_TASK DESCRIPTION_. In the entries below, how many lines hold the word "apply"? Answer with the number only.

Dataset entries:
*** Begin section ***

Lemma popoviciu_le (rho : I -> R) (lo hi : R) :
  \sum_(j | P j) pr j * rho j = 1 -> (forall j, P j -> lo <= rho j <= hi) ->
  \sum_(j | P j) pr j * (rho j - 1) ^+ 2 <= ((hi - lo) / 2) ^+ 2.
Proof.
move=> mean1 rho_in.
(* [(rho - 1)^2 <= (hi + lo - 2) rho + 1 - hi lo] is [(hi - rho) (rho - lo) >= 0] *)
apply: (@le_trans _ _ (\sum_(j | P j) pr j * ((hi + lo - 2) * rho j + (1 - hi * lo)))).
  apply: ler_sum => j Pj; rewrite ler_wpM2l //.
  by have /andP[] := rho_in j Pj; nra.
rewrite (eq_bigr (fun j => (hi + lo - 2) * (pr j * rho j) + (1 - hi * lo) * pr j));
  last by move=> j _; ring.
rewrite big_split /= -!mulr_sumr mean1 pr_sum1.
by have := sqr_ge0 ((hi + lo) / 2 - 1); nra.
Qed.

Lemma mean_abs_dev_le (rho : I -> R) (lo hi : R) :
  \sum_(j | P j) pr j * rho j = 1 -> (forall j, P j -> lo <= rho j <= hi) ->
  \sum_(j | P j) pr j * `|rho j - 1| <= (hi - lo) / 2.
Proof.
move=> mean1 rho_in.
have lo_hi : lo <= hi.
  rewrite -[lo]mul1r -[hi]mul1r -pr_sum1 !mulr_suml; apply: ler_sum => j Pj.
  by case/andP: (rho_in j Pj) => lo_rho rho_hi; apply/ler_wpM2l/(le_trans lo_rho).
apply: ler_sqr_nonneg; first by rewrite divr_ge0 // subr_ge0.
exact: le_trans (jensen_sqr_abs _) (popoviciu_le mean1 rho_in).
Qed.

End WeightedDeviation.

*** End section ***

_ANSWER FOR THE TASK_. 5